Na fase autônoma pode-se apreciar a longa transformação das Forças Armadas de instrumento, já inadequado, da classe latifundiária, que tem necessidade, por isso mesmo de criar a Guarda Nacional, sua força militar específica, depois de ter utilizado o mercenário e o comando estrangeiro - em instrumento do latifúndio e da burguesia, ora conciliadas, ora em luta, até o momento em que a burguesia passa a ser dominante.

“A fase colonial, no que diz respeito à organização militar, encerra-se, a rigor, com a criação, a 18 de agosto de 1831, da Guarda Nacional” (SODRÉ, 1979, p. 58) quando os

homens que representavam o governo retomam em suas „mãos‟ a organização militar. A lei de criação da Guarda Nacional extingue as Ordenanças e Milícias e estabelece a Guarda

Nacional como força auxiliar do Exército, tendo por finalidade “[...] defender a Constituição,

a liberdade, a independência e a integridade da Nação” (SODRÉ, 1979, p. 119).
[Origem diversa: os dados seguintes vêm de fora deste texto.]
Definition abs_convergent (v : nat -> pt) : Prop :=
  exists l : R, infinite_sum (fun n => pnorm (v n)) l.

Definition achievement_set (v : nat -> pt) (p : pt) : Prop :=
  exists eps : nat -> bool,
    infinite_sum (fun n => if eps n then fst (v n) else 0) (fst p) /\
    infinite_sum (fun n => if eps n then snd (v n) else 0) (snd p).

Definition spectre (A : pt -> Prop) (x : pt) : Prop :=
  forall y, A y -> A (padd y x) \/ A (psub y x).

(* The open squares removed at level k have side 3^-k.  For 0 < u <= 1, scaling
   by 3^k puts u into (1/6, 1/2]; then a carpet point y can be chosen so that y + (u,0)
   lies in a removed square of level k and y - (u,0) leaves [0,1]^2.  So the spectre
   contains no nonzero horizontal vector, and by the symmetry (s,t) <-> (t,s) no
   nonzero vertical one.  Testing the corners (0,0) and (1,0) puts every element of
   the spectre on an axis, hence the spectre is {0}.
   Changing one epsilon_n turns a subsum into its translate by +v_n or -v_n, so every
   term v_n lies in the spectre of the achievement set; a sequence whose achievement
   set is the carpet would therefore vanish, and its achievement set would be {0}. *)

From Stdlib Require Import Reals Lra Lia.
From Coquelicot Require Import Coquelicot.
Open Scope R_scope.

Lemma is_series_ext_eq (a b : nat -> R) (l l' : R) :
  (forall n, a n = b n) -> l = l' -> is_series a l -> is_series b l'.
Proof. intros Hab <-. exact (is_series_ext a b l Hab). Qed.

Lemma is_series_zero : is_series (fun _ : nat => 0) 0.
Proof.
  assert (Hq : Rabs (/ 2) < 1) by (rewrite Rabs_pos_eq; lra).
  pose proof (is_series_scal_r 0 _ _ (is_series_geom _ Hq)) as H.
  rewrite Rmult_0_r in H.
  exact (is_series_ext _ _ _ (fun n => Rmult_0_r _) H).
Qed.

Lemma is_series_delta (n : nat) (c : R) :
  is_series (fun m => if Nat.eqb m n then c else 0) c.
Proof.
  revert c; induction n as [|n IH]; intros c; apply is_series_decr_1.
  - simpl. apply (is_series_ext (fun _ => 0)); [intros; reflexivity|].
    unfold plus, opp; simpl. rewrite Rplus_opp_r. exact is_series_zero.
  - unfold plus, opp; simpl. rewrite Ropp_0, Rplus_0_r. apply IH.
Qed.

Lemma is_series_le (a b : nat -> R) (la lb : R) :
  (forall n, a n <= b n) -> is_series a la -> is_series b lb -> la <= lb.
Proof.
  intros Hab Ha Hb. apply is_series_Reals in Ha, Hb.
  exact (Rle_cv_lim (fun n => sum_Rle a b n (fun i _ => Hab i)) Ha Hb).
Qed.

Definition ternary (a : nat -> nat) (s : R) : Prop :=
  is_series (fun i => INR (a i) / 3 ^ S i) s.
Ainda sobre a Guarda Nacional visualiza-se que ela estava fora da “alçada militar”, subordinada a autoridade política, a serviço direto dos interesses da classe dominante. Na Guarda Nacional, todos os homens maiores de dezoito anos e menores de cinquenta eram obrigados a servir, se reservava o direito de recrutar os elementos da sociedade e distribuía os comandos, segundo os senhores de terras. Enquanto isso, o exército se obrigava a selecionar os elementos marginalizados da sociedade para constituir a tropa, enquanto recrutava nas camadas médias a oficialidade.

A distribuição do “poder” na Guarda Nacional era feita da seguinte forma:

[...] os chefes locais de prestígio recebiam, automaticamente os postos mais altos dela; o posto de coronel era concedido ao chefe político da comuna, as patentes de capitão a chefes locais influentes, e o conselho de qualificação, que declarava quem devia servir na reserva e quem ficava isento de servir na Guarda, era composto em cada município, de eleitores do 2º grau mais votados, sob a presidência de um juiz de paz. Era uma arma fortíssima nas mãos dos senhores rurais, não só porque

legalmente se tornavam chefes militares, como porque em suas mãos esta mandar este ou aquele servir no Exército. (SODRÉ, 1979, p.131).